#### Available data ####
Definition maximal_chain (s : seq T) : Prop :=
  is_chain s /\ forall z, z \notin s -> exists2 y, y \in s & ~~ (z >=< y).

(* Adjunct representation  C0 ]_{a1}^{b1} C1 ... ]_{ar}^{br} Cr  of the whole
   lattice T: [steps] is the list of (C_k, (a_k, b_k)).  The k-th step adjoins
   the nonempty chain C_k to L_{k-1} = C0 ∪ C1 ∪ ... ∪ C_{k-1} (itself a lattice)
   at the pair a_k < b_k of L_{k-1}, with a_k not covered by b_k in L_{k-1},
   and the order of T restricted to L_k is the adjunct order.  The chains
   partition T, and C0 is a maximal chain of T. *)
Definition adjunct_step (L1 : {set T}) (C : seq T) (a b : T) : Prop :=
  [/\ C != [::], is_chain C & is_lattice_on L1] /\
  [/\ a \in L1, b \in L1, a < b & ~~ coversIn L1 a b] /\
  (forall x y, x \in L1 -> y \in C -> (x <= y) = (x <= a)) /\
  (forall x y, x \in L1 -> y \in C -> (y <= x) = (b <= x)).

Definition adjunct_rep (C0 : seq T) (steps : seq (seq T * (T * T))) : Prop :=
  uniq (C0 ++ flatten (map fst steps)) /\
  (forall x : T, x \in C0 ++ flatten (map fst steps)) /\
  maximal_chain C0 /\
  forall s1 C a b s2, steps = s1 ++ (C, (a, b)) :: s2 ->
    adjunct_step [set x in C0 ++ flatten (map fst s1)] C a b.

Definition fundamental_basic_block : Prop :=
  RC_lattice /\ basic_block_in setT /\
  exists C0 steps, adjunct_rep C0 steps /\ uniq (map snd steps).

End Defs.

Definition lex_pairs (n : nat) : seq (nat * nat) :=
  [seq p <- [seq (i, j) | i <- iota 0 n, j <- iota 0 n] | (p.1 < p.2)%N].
####
#### Available data ####
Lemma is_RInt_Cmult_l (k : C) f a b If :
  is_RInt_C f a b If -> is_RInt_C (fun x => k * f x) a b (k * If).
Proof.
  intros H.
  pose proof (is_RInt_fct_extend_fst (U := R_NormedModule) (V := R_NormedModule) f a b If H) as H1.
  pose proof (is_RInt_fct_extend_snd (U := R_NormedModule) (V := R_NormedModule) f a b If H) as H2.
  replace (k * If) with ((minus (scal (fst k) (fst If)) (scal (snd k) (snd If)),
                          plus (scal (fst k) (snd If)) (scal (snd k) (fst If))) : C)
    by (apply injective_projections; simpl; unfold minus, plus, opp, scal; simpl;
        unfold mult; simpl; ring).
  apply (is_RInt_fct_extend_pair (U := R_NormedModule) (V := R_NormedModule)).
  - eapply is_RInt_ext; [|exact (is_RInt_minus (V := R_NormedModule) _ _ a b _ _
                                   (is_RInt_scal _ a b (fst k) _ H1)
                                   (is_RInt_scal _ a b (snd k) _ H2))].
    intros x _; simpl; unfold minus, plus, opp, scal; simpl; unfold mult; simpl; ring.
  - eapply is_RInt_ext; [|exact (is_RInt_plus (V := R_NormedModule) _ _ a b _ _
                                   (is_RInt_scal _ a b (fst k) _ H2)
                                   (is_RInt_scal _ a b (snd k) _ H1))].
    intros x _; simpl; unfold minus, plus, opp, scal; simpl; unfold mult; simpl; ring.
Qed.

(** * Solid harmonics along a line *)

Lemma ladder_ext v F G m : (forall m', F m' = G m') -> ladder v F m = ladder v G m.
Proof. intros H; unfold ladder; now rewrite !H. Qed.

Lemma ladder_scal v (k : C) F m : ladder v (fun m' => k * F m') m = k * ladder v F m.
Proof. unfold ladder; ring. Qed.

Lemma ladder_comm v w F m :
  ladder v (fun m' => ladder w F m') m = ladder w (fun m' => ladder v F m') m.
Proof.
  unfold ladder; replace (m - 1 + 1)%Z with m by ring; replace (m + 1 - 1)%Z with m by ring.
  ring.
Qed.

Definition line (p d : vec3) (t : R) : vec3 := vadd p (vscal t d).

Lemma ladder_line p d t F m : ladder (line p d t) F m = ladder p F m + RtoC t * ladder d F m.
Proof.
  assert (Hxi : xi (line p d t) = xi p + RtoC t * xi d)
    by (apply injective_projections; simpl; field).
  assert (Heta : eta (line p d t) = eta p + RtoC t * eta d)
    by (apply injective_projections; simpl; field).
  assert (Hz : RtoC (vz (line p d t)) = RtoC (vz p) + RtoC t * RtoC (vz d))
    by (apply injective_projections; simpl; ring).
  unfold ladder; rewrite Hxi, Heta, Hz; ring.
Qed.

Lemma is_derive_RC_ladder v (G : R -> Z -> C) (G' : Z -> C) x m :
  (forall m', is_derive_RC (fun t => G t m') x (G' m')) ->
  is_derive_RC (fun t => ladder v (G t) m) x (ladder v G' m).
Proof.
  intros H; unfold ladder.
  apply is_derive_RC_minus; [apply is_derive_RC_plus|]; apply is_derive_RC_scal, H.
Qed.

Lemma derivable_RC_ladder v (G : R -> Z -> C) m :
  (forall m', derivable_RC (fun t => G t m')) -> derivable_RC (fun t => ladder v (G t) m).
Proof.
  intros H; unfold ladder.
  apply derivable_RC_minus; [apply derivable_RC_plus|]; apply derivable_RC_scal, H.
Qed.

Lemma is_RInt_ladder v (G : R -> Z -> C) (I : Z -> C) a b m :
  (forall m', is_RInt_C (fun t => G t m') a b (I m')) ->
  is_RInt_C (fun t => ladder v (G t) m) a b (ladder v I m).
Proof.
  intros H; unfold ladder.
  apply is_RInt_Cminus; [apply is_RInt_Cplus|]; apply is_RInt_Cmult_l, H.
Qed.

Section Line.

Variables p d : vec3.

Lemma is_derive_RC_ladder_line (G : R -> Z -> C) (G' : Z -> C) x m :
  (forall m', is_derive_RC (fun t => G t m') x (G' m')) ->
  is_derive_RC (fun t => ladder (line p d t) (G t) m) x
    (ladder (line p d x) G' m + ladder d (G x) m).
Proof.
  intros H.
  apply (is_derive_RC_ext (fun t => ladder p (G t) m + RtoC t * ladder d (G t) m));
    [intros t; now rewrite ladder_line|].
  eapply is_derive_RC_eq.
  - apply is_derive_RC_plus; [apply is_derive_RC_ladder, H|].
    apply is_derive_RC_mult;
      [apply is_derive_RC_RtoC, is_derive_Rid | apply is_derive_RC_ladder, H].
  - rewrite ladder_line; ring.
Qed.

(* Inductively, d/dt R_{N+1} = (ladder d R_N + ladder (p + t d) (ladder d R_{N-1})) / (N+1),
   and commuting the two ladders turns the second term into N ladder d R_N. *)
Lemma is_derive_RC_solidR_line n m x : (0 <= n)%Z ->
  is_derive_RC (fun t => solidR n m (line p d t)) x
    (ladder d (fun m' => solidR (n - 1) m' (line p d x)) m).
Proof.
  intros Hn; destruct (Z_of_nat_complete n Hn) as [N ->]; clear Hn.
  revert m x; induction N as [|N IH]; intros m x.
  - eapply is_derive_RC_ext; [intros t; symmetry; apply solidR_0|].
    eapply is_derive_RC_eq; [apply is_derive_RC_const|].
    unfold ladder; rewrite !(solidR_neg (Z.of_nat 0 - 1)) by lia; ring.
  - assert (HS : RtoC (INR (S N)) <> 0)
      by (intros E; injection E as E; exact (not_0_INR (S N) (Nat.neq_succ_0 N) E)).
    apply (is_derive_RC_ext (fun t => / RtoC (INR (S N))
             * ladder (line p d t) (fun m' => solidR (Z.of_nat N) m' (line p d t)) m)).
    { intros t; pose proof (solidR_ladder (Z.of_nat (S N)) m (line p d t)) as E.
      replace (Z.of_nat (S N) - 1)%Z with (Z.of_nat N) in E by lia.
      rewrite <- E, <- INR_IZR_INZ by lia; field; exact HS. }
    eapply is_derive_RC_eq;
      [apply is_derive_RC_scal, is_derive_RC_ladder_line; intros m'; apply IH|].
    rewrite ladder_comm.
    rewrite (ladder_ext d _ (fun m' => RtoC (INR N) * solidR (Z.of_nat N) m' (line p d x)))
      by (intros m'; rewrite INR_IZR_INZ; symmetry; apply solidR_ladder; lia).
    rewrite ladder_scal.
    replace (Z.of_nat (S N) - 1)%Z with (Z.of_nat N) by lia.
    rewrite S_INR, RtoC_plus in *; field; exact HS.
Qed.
####
#### Available data ####
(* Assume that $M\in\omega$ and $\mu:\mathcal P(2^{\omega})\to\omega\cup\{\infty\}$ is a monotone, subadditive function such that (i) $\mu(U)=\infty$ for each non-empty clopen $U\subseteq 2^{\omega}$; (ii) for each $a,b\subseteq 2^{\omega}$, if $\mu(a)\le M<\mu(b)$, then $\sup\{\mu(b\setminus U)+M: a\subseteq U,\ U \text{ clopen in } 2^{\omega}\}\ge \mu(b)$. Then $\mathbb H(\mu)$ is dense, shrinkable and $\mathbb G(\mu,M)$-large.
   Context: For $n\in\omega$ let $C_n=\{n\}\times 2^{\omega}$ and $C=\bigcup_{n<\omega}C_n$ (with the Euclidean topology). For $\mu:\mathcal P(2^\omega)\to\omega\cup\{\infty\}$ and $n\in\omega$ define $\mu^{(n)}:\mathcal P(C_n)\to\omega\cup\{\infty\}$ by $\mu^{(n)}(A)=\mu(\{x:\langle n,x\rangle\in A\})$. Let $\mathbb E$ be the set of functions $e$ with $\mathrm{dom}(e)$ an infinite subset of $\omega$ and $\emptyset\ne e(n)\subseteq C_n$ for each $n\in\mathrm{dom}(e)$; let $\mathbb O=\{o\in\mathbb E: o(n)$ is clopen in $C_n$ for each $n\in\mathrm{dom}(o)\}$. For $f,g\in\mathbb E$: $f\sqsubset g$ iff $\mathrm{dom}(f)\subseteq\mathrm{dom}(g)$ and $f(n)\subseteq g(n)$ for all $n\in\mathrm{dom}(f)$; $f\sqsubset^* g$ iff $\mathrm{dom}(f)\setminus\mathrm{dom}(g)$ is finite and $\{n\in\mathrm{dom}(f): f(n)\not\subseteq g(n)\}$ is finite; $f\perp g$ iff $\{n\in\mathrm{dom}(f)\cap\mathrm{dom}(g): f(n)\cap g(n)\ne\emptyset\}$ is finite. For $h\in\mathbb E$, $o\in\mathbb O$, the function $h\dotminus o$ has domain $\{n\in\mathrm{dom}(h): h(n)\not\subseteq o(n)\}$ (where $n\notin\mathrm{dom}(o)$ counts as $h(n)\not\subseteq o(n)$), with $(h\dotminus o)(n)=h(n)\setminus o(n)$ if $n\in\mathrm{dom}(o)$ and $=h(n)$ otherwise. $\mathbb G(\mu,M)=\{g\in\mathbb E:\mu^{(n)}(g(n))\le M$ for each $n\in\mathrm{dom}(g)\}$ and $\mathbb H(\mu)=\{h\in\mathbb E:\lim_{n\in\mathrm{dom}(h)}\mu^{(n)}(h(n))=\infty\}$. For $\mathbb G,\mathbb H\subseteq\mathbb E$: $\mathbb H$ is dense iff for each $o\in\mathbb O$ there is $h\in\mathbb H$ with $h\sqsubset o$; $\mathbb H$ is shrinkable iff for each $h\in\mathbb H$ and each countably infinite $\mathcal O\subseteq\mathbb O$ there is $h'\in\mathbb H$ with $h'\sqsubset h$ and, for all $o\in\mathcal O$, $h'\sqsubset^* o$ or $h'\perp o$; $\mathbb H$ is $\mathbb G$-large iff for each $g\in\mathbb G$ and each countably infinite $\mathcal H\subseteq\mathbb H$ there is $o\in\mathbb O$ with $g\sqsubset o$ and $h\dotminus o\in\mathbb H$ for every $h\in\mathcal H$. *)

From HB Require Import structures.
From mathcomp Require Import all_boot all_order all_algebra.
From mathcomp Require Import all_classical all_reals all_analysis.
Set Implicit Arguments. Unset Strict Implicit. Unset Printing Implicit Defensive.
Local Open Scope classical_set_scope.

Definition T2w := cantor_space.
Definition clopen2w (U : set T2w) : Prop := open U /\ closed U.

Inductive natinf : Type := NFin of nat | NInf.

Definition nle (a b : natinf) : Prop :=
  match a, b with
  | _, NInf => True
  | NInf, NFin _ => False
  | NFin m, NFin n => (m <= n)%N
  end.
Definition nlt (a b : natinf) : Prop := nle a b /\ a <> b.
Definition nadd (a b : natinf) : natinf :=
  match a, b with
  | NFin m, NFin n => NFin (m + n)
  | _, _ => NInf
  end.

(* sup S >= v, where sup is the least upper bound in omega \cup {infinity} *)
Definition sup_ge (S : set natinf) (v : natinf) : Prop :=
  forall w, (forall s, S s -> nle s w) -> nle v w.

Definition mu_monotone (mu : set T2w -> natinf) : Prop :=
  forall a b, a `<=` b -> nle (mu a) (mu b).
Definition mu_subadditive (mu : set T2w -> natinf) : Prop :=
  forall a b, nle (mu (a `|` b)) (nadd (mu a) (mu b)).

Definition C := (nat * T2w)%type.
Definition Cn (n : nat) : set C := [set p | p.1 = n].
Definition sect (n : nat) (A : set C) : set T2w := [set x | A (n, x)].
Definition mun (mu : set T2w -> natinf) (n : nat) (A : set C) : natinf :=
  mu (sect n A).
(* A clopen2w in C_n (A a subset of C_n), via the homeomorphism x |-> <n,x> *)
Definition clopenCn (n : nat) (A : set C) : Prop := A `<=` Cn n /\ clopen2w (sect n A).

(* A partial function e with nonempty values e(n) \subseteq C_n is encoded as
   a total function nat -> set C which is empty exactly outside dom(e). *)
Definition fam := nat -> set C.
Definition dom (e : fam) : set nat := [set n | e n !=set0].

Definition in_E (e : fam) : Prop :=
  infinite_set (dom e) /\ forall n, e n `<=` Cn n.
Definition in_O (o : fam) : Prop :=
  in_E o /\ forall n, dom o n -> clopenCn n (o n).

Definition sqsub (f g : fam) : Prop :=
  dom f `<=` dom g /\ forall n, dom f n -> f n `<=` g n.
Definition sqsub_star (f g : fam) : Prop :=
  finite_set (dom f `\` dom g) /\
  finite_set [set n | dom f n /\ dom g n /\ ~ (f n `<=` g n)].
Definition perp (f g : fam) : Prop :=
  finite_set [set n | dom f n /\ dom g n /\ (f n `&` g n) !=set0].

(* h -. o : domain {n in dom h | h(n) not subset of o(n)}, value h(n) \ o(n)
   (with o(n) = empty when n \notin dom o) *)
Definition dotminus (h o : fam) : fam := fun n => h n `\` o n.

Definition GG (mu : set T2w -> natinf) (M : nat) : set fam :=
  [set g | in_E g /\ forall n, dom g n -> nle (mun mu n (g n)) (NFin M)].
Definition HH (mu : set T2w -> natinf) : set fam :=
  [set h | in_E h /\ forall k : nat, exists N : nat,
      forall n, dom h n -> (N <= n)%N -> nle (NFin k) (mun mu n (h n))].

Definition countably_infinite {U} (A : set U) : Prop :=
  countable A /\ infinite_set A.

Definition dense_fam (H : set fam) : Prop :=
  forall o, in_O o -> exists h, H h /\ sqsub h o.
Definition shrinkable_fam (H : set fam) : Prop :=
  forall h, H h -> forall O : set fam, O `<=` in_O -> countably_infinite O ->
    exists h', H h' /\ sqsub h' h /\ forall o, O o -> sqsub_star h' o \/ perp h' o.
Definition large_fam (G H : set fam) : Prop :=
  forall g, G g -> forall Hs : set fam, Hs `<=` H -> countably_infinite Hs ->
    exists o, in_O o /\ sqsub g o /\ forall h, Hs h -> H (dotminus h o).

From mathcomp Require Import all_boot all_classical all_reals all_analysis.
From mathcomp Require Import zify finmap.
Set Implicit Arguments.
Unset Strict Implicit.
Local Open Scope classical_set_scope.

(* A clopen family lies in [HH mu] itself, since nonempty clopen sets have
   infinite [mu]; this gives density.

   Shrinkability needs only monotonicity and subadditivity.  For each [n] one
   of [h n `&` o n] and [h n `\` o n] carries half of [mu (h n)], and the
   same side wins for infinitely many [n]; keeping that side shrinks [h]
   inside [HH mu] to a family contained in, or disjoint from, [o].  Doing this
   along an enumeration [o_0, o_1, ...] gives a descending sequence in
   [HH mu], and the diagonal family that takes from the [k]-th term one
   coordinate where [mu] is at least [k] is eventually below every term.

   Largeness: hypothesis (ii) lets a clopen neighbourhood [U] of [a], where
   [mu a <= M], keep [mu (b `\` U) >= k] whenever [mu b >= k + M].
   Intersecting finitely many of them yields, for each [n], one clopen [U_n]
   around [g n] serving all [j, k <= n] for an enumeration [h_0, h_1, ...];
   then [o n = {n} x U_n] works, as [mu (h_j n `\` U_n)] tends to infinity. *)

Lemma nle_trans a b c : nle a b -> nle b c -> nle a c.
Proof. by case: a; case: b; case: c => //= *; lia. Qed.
####
## Task details:
Looking at the data above, show all lines where the word "field" occurs.

## Answer for this exercise:
    by (apply injective_projections; simpl; field).
    by (apply injective_projections; simpl; field).
      rewrite <- E, <- INR_IZR_INZ by lia; field; exact HS. }
    rewrite S_INR, RtoC_plus in *; field; exact HS.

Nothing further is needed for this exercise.